I can't quite believe it all ends tomorrow night. But since I began this blog with a very emotional piece on the initial split, a lot has happened. The Quarter Life Crisis reigns supreme but at the very least, there's some development in a few areas of my life.
I've been really lucky with my work situation, the gorgeous ladies at Britain Does Vintage have placed their belief in me to the point where I'll be with them in the office three days a week as well as taking on event days too. Out of, what feels like, nowhere and with zero qualifications, I appear to work in events and digital marketing as I have also nabbed an amazing position with an exciting local arts organisation. More on that to follow soon.

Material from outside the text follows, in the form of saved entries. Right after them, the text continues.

(* Let $k$ be a commutative ring, $H$ a cocommutative Hopf algebra over $k$ with antipode $S$, $A$ a cleft right $H$-comodule algebra with commutative $B=A^{\mathrm{co}H}$, regarded as a left $H$-module algebra via $h\cdot b=t(h_{(1)})bu(h_{(2)})$. Assume $\Omega_A\neq\emptyset$ and fix $t_0\in\Omega_A$; let $u_0=t_0\circ S$. Then $F:Z^1(H,B)\to\Omega_A$, $F(v)=v*t_0$, is a bijection with inverse $t\mapsto t*u_0$; $F$ maps cohomologous cocycles to equivalent elements of $\Omega_A$ and $F^{-1}$ maps equivalent elements to cohomologous cocycles. Hence $F$ induces a bijection $H^1(H,B)\to\overline{\Omega}_A$.
   Context: $\Delta(h)=h_{(1)}\otimes h_{(2)}$, $\rho(a)=a_{[0]}\otimes a_{[1]}$, $B=\{a:\rho(a)=a\otimes1\}$; convolution $(f*g)(h)=f(h_{(1)})g(h_{(2)})$. $A$ cleft: there is a convolution invertible $H$-colinear $t:H\to A$ ($\rho(t(h))=t(h_{(1)})\otimes h_{(2)}$) with inverse $u$; the module algebra structure on $B$ is independent of $t$. $\Omega_A$ is the set of $H$-colinear algebra maps $H\to A$; $t_1\sim t_2$ in $\Omega_A$ iff there is a unit $b\in U(B)$ with $bt_1(h)=t_2(h)b$ for all $h$; $\overline{\Omega}_A=\Omega_A/\sim$. $Z^1(H,B)$ is the group (under convolution) of convolution invertible $v:H\to B$ with $v(hk)=(h_{(1)}\cdot v(k))v(h_{(2)})$; $B^1(H,B)=\{f_b:b\in U(B)\}$ with $f_b(h)=(h\cdot b)b^{-1}$; $v\sim v_1$ (cohomologous) iff $v=f_b*v_1$ for some $b\in U(B)$; $H^1(H,B)=Z^1(H,B)/B^1(H,B)$. *)

(* Hopf algebras over a commutative ring k, encoded without
   a tensor-product library: an element of U (x) V is represented by a finite
   list of pairs (a formal sum of pure tensors), and two such lists are equal
   in U (x) V iff they agree on every k-bilinear map into every k-module
   (the universal property of the tensor product). *)
From HB Require Import structures.
From mathcomp Require Import all_boot all_order all_algebra.
Set Implicit Arguments. Unset Strict Implicit. Unset Printing Implicit Defensive.
Import Order.TTheory GRing.Theory.
Local Open Scope ring_scope.

Section Hopf.
Variable k : comPzRingType.

Definition klin (U M : lmodType k) (f : U -> M) :=
  forall (a : k) (x y : U), f (a *: x + y) = a *: f x + f y.

Definition kbilin (U V M : lmodType k) (f : U -> V -> M) :=
  (forall v a x y, f (a *: x + y) v = a *: f x v + f y v) /\
  (forall u a x y, f u (a *: x + y) = a *: f u x + f u y).

Definition ktrilin (U V W M : lmodType k) (f : U -> V -> W -> M) :=
  (forall v w a x y, f (a *: x + y) v w = a *: f x v w + f y v w) /\
  (forall u w a x y, f u (a *: x + y) w = a *: f u x w + f u y w) /\
  (forall u v a x y, f u v (a *: x + y) = a *: f u v x + f u v y).

Definition tev (U V M : lmodType k) (x : seq (U * V)) (f : U -> V -> M) : M :=
  \sum_(p <- x) f p.1 p.2.

Variables (H A : algType k).

Definition is_hopf (delta : H -> seq (H * H)) (eps : H -> k) (S : H -> H) :=
  [/\
      (forall (M : lmodType k) (f : H -> H -> M), kbilin f ->
         klin (fun h => tev (delta h) f)),
      (forall a x y, eps (a *: x + y) = a * eps x + eps y),
      (forall (M : lmodType k) (f : H -> H -> H -> M), ktrilin f -> forall h,
         \sum_(p <- delta h) \sum_(q <- delta p.1) f q.1 q.2 p.2 =
         \sum_(p <- delta h) \sum_(q <- delta p.2) f p.1 q.1 q.2),
      (forall h, (\sum_(p <- delta h) eps p.1 *: p.2 = h) /\
                 (\sum_(p <- delta h) eps p.2 *: p.1 = h)) &
      [/\
      (forall (M : lmodType k) (f : H -> H -> M), kbilin f ->
         (tev (delta 1) f = f 1 1) /\
         forall x y, tev (delta (x * y)) f =
           \sum_(p <- delta x) \sum_(q <- delta y) f (p.1 * q.1) (p.2 * q.2)),
      ((eps 1 = 1) /\ forall x y, eps (x * y) = eps x * eps y) &
      [/\ klin S,
          (forall h, \sum_(p <- delta h) S p.1 * p.2 = eps h *: 1) &
          (forall h, \sum_(p <- delta h) p.1 * S p.2 = eps h *: 1)]]].

Definition cocommutative (delta : H -> seq (H * H)) :=
  forall (M : lmodType k) (f : H -> H -> M), kbilin f ->
    forall h, tev (delta h) f = tev (delta h) (fun x y => f y x).

Definition is_comod_alg (delta : H -> seq (H * H)) (eps : H -> k)
    (rho : A -> seq (A * H)) :=
  [/\ (forall (M : lmodType k) (f : A -> H -> M), kbilin f ->
         klin (fun a => tev (rho a) f)),
      (forall (M : lmodType k) (f : A -> H -> H -> M), ktrilin f -> forall a,
         \sum_(p <- rho a) \sum_(q <- rho p.1) f q.1 q.2 p.2 =
         \sum_(p <- rho a) \sum_(q <- delta p.2) f p.1 q.1 q.2),
      (forall a, \sum_(p <- rho a) eps p.2 *: p.1 = a) &
      (forall (M : lmodType k) (f : A -> H -> M), kbilin f ->
         (tev (rho 1) f = f 1 1) /\
         forall x y, tev (rho (x * y)) f =
           \sum_(p <- rho x) \sum_(q <- rho y) f (p.1 * q.1) (p.2 * q.2))].

Definition coinv (rho : A -> seq (A * H)) (a : A) :=
  forall (M : lmodType k) (f : A -> H -> M), kbilin f -> tev (rho a) f = f a 1.

Definition unitB rho (b : A) :=
  coinv rho b /\ exists c, [/\ coinv rho c, b * c = 1 & c * b = 1].

Definition conv (delta : H -> seq (H * H)) (f g : H -> A) : H -> A :=
  fun h => \sum_(p <- delta h) f p.1 * g p.2.

Definition conv1 (eps : H -> k) : H -> A := fun h => eps h *: 1.
Definition vcompT (B C : Category) (a : nat) (alpha : 'I_a -> bool)
  (b : nat) (beta : 'I_b -> bool) (c : nat) (gamma : 'I_c -> bool)
  (F : MFunctor B C alpha) (G : MFunctor B C beta) (H : MFunctor B C gamma)
  (n m l : nat) (sigma : 'I_a -> 'I_n) (tau : 'I_b -> 'I_n)
  (eta : 'I_b -> 'I_m) (theta : 'I_c -> 'I_m)
  (zeta : 'I_n -> 'I_l) (xi : 'I_m -> 'I_l)
  (Hc : (fun j => zeta (tau j)) = (fun j => xi (eta j)))
  (phi : transf F G sigma tau) (psi : transf G H eta theta)
  : transf F H (fun j => zeta (sigma j)) (fun j => xi (theta j)) :=
  fun A => comp (psi (fun k => A (xi k)))
    (castTgt (f_equal (fun h : 'I_b -> 'I_l => fobj G (fun j => A (h j))) Hc)
             (phi (fun k => A (zeta k)))).

(* vertices: places 'I_a + 'I_b + 'I_c (alpha-, beta-, gamma-blocks),
   transitions 'I_n + 'I_m *)
Definition cedge (a b c n m : nat) (alpha : 'I_a -> bool) (beta : 'I_b -> bool)
  (gamma : 'I_c -> bool) (sigma : 'I_a -> 'I_n) (tau : 'I_b -> 'I_n)
  (eta : 'I_b -> 'I_m) (theta : 'I_c -> 'I_m)
  (x y : ('I_a + 'I_b + 'I_c) + ('I_n + 'I_m)) : bool :=
  match x, y with
  | inl (inl (inl j)), inr (inl t) => (sigma j == t) && alpha j
  | inr (inl t), inl (inl (inl j)) => (sigma j == t) && ~~ alpha j
  | inl (inl (inr j)), inr (inl t) => (tau j == t) && ~~ beta j
  | inr (inl t), inl (inl (inr j)) => (tau j == t) && beta j
  | inl (inl (inr j)), inr (inr t) => (eta j == t) && beta j
  | inr (inr t), inl (inl (inr j)) => (eta j == t) && ~~ beta j
  | inl (inr j), inr (inr t) => (theta j == t) && ~~ gamma j
  | inr (inr t), inl (inr j) => (theta j == t) && gamma j
  | _, _ => false
  end.

Definition trans_label (a b c n m l : nat) (zeta : 'I_n -> 'I_l) (xi : 'I_m -> 'I_l)
  (i : 'I_l) (x : ('I_a + 'I_b + 'I_c) + ('I_n + 'I_m)) : bool :=
  match x with
  | inr (inl t) => zeta t == i
  | inr (inr t) => xi t == i
  | inl _ => false
  end.

Definition component_acyclic (a b c n m l : nat) (alpha : 'I_a -> bool)
  (beta : 'I_b -> bool) (gamma : 'I_c -> bool) (sigma : 'I_a -> 'I_n)
  (tau : 'I_b -> 'I_n) (eta : 'I_b -> 'I_m) (theta : 'I_c -> 'I_m)
  (zeta : 'I_n -> 'I_l) (xi : 'I_m -> 'I_l) (i : 'I_l) : Prop :=
  let e := cedge alpha beta gamma sigma tau eta theta in
  forall v w : ('I_a + 'I_b + 'I_c) + ('I_n + 'I_m),
    (exists t, trans_label zeta xi i t /\
               connect (fun x y => e x y || e y x) t v) ->
    e v w -> ~~ connect e w v.

(* Fix f : X -> Y in B and a variable i of psi o phi.  Each transition of
   Gamma(phi) or Gamma(psi) in the i-th component carries a state, X (false)
   or Y (true); variables outside the component carry the entries of A.  A
   marking is monotone when along every place of G in the component the state
   never decreases in the direction given by the place's variance; the
   morphisms idm X, f, idm Y then fill all F-, G- and H-slots and yield an
   "interpolant" between the source of the lower and the target of the upper
   path of the dinaturality square of psi o phi at i.
   - The all-X and all-Y markings give the two sides of that square
     (interpolant_const).
   - Dinaturality of phi (or psi) in one variable says that flipping that
     transition from X to Y leaves the interpolant unchanged, as long as both
     markings are monotone (interpolant_flip_phi/_psi, instances of the
     abstract dinatural_in_context).
   - Acyclicity lets one always flip some transition still in state X
     (flippable, via acyclic_min_source): one whose downstream neighbours are
     all in state Y.  Induction on their number joins the two sides.
   This is the token game on the composite Petri net. *)

From Pilot Require Import Defs.
From mathcomp Require Import all_boot.
From Stdlib Require Import ProofIrrelevance FunctionalExtensionality JMeq.
Set Implicit Arguments. Unset Strict Implicit. Unset Printing Implicit Defensive.
(* ssrfun also has a [comp]; here it is composition in a category. *)
Local Notation comp := Defs.comp.

Lemma vcomp_vid_l (B : Category) (bb : bool) (X Y : Ob B) (u : vHom B bb X Y) :
  vcomp (vid B bb Y) u = u.
Proof. by case: bb u => u /=; rewrite ?comp_id_l ?comp_id_r. Qed.

Lemma vcomp_vid_r (B : Category) (bb : bool) (X Y : Ob B) (u : vHom B bb X Y) :
  vcomp u (vid B bb X) = u.
Proof. by case: bb u => u /=; rewrite ?comp_id_l ?comp_id_r. Qed.

Definition castv (B : Category) (bb : bool) (O1 O2 : Ob B) (e : O1 = O2) :
  vHom B bb O1 O2 := eq_rect O1 (vHom B bb O1) (vid B bb O1) O2 e.

Lemma vcomp_castv_l (B : Category) (bb : bool) (O1 O2 O3 : Ob B) (e : O2 = O3)
  (u : vHom B bb O1 O2) : JMeq (vcomp (castv bb e) u) u.
Proof. by case: _ / e; rewrite vcomp_vid_l. Qed.

Lemma vcomp_castv_r (B : Category) (bb : bool) (O1 O2 O3 : Ob B) (e : O1 = O2)
  (u : vHom B bb O2 O3) : JMeq (vcomp u (castv bb e)) u.
Proof. by case: _ / e in u *; rewrite vcomp_vid_r. Qed.

Lemma vfamily_JMeq k (B : Category) (var : 'I_k -> bool) (S T : 'I_k -> Ob B)
  (g g' : forall j, vHom B (var j) (S j) (T j)) :
  (forall j, JMeq (g j) (g' j)) -> g = g'.
Proof. by move=> hg; apply: functional_extensionality_dep => j; apply: JMeq_eq. Qed.

Section TwoStateChain.
(* A morphism f : X -> Y and the two-point chain X --f--> Y indexed by a
   "state" z : bool (false = X, true = Y).  up z : X -> ob z and
   dn z : ob z -> Y are the two halves of f, and step connects two states
   in the direction prescribed by a variance. *)
Variables (B : Category) (X Y : Ob B) (f : Hom X Y).

Definition ob (z : bool) : Ob B := if z then Y else X.

Definition up (z : bool) : Hom X (ob z) :=
  if z as z' return Hom X (ob z') then f else idm X.

Definition dn (z : bool) : Hom (ob z) Y :=
  if z as z' return Hom (ob z') Y then idm Y else f.

Definition le_var (bb x y : bool) : bool := if bb then x ==> y else y ==> x.

Lemma le_var_refl (bb z : bool) : le_var bb z z.
Proof. by case: bb; rewrite /le_var implybb. Qed.

Definition stepH (x y : bool) : x ==> y -> Hom (ob x) (ob y) :=
  match x, y return x ==> y -> Hom (ob x) (ob y) with
  | false, false => fun _ => idm X
  | false, true => fun _ => f
  | true, true => fun _ => idm Y
  | true, false => fun h => match notF h with end
  end.

Definition step (bb x y : bool) : le_var bb x y -> vHom B bb (ob x) (ob y) :=
  if bb as bb' return le_var bb' x y -> vHom B bb' (ob x) (ob y)
  then stepH (x:=x) (y:=y) else stepH (x:=y) (y:=x).

Lemma step_refl (bb z : bool) (h : le_var bb z z) : step h = vid B bb (ob z).
Proof. by case: bb h; case: z. Qed.

(* The two sides of the dinaturality square of T in its t-th variable,
   indexed by the state z of that variable. *)
Definition side (C : Category) k1 (var1 : 'I_k1 -> bool) k2 (var2 : 'I_k2 -> bool)
  (F1 : MFunctor B C var1) (G1 : MFunctor B C var2) N (s1 : 'I_k1 -> 'I_N)
  (s2 : 'I_k2 -> 'I_N) (T : transf F1 G1 s1 s2) (t : 'I_N) (A' : 'I_N -> Ob B)
  (z : bool) : Hom (fobj F1 (subObj var1 A' t s1 Y X)) (fobj G1 (subObj var2 A' t s2 X Y)) :=
  comp (fmor G1 (outMor var2 A' t s2 (dn z) (up z)))
       (comp (T (upd A' t (ob z))) (fmor F1 (inMor var1 A' t s1 (up z) (dn z)))).

Lemma side_dinatural (C : Category) k1 (var1 : 'I_k1 -> bool) k2
  (var2 : 'I_k2 -> bool) (F1 : MFunctor B C var1) (G1 : MFunctor B C var2) N
  (s1 : 'I_k1 -> 'I_N) (s2 : 'I_k2 -> 'I_N) (T : transf F1 G1 s1 s2) (t : 'I_N)
  (A' : 'I_N -> Ob B) :
  dinatural_in T t -> side T t A' false = side T t A' true.
Proof. by move=> Dt; apply: Dt. Qed.

Lemma dinatural_in_context (C : Category) k1 (var1 : 'I_k1 -> bool) k2
  (var2 : 'I_k2 -> bool) (F1 : MFunctor B C var1) (G1 : MFunctor B C var2) N
  (s1 : 'I_k1 -> 'I_N) (s2 : 'I_k2 -> 'I_N) (T : transf F1 G1 s1 s2) (t : 'I_N)
  (A' : 'I_N -> Ob B) (V : bool -> 'I_N -> Ob B)
  (eV : forall z, upd A' t (ob z) = V z)
  (SF : 'I_k1 -> Ob B) (TG : 'I_k2 -> Ob B)
  (fin : forall z j, vHom B (var1 j) (SF j) (V z (s1 j)))
  (gout : forall z j, vHom B (var2 j) (V z (s2 j)) (TG j))
  (fr : forall j, vHom B (var1 j) (SF j) (subObj var1 A' t s1 Y X j))
  (gr : forall j, vHom B (var2 j) (subObj var2 A' t s2 X Y j) (TG j)) :
  dinatural_in T t ->
  (forall z j, JMeq (fin z j) (vcomp (inMor var1 A' t s1 (up z) (dn z) j) (fr j))) ->
  (forall z j, JMeq (gout z j) (vcomp (gr j) (outMor var2 A' t s2 (dn z) (up z) j))) ->
  comp (fmor G1 (gout false)) (comp (T (V false)) (fmor F1 (fin false))) =
  comp (fmor G1 (gout true)) (comp (T (V true)) (fmor F1 (fin true))).
Proof.
move=> Dt hfin hgout.
have factor z : comp (fmor G1 (gout z)) (comp (T (V z)) (fmor F1 (fin z))) =
                comp (fmor G1 gr) (comp (side T t A' z) (fmor F1 fr)).
  move: (fin z) (gout z) (hfin z) (hgout z); case: (V z) / (eV z) => fz gz hf hg.
  rewrite (vfamily_JMeq hf) (vfamily_JMeq hg) /side !fmor_comp.
  by rewrite -!comp_assoc; congr (comp _ _); rewrite !comp_assoc.
by rewrite !factor side_dinatural.
Qed.

End TwoStateChain.

Definition mark k (s : 'I_k -> bool) (t : 'I_k) (z : bool) : 'I_k -> bool :=
  fun p => if p == t then z else s p.

Lemma mark_id k (s : 'I_k -> bool) (t : 'I_k) : mark s t (s t) = s.
Proof. by apply: functional_extensionality => p; rewrite /mark; case: eqP => // ->. Qed.

Section Slots.
(* Objects and morphisms of B attached to the variables of a transformation
   whose labels lie in 'I_l: a variable labelled by i carries the state of the
   chain X --f--> Y, any other variable labelled L carries A L. *)
Variables (B : Category) (l : nat) (i : 'I_l) (A : 'I_l -> Ob B)
  (X Y : Ob B) (f : Hom X Y).

Definition obL (L : 'I_l) (z : bool) : Ob B := if L == i then ob X Y z else A L.

Definition BIn (L : 'I_l) (bb : bool) : Ob B :=
  if L == i then (if bb then X else Y) else A L.
Definition BOut (L : 'I_l) (bb : bool) : Ob B :=
  if L == i then (if bb then Y else X) else A L.

Definition inslot (L : 'I_l) (bb z : bool) : vHom B bb (BIn L bb) (obL L z) :=
  if L == i as cc return
    vHom B bb (if cc then (if bb then X else Y) else A L) (if cc then ob X Y z else A L)
  then (if bb as bb' return vHom B bb' (if bb' then X else Y) (ob X Y z)
        then up f z else dn f z)
  else vid B bb (A L).

Definition outslot (L : 'I_l) (bb z : bool) : vHom B bb (obL L z) (BOut L bb) :=
  if L == i as cc return
    vHom B bb (if cc then ob X Y z else A L) (if cc then (if bb then Y else X) else A L)
  then (if bb as bb' return vHom B bb' (ob X Y z) (if bb' then Y else X)
        then dn f z else up f z)
  else vid B bb (A L).

Definition midslot (L1 L2 : 'I_l) (e : L1 = L2) (bb x y : bool)
  (hm : L1 == i -> le_var bb x y) : vHom B bb (obL L1 x) (obL L2 y) :=
  match e in _ = L2' return vHom B bb (obL L1 x) (obL L2' y) with
  | erefl =>
    (if L1 == i as cc return (cc -> le_var bb x y) ->
        vHom B bb (if cc then ob X Y x else A L1) (if cc then ob X Y y else A L1)
     then fun h => step f (h isT) else fun _ => vid B bb (A L1)) hm
  end.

My first fight was so awesome and I'll officially be training for my next one from next week. Farhad said tonight to a new gym member that "Gina has more bollocks than most men to get in the ring and fight." That was the nicest thing he's ever said about me. To be seen as one of the gyms' fighters is pretty cool, though I've got some hard work heading my way, that's for sure.
The Bobby Pins
I know, right?
Well Gina, it's all falling into place, right?
Kinda.
You see, there's this gaping hole. It lies at the pit of my stomach or the small of my back. Part of me thinks that perhaps I just need to get over the split and it'll go away, or get filled with career success, a loving relationship and a full function singing schedule and then I'll be satisfied. Last night I sat in my car listening to a live lounge on Radio 1. I'm never going to do that. I saw The Half Earth perform and thought, gosh he's good, he has a great year ahead of him. I don't. Oh but it's OK, you're playing with Stoney,you'll be gigging in 2015. But it isn't mine. As wonderful as everything I've already mentioned is, I'm not happy with it all. I'm not ready to accept that this is the end of my time as a singer, songwriter or performer in my own creative right.
I'm quite scared to admit this publicly, but there it is. The spanner in the works.
I think I'm turning into one of those follow your dreams types.



Oh love, this isn't the end of the book, just the end of the chapter. I get the feeling there are still big things to come.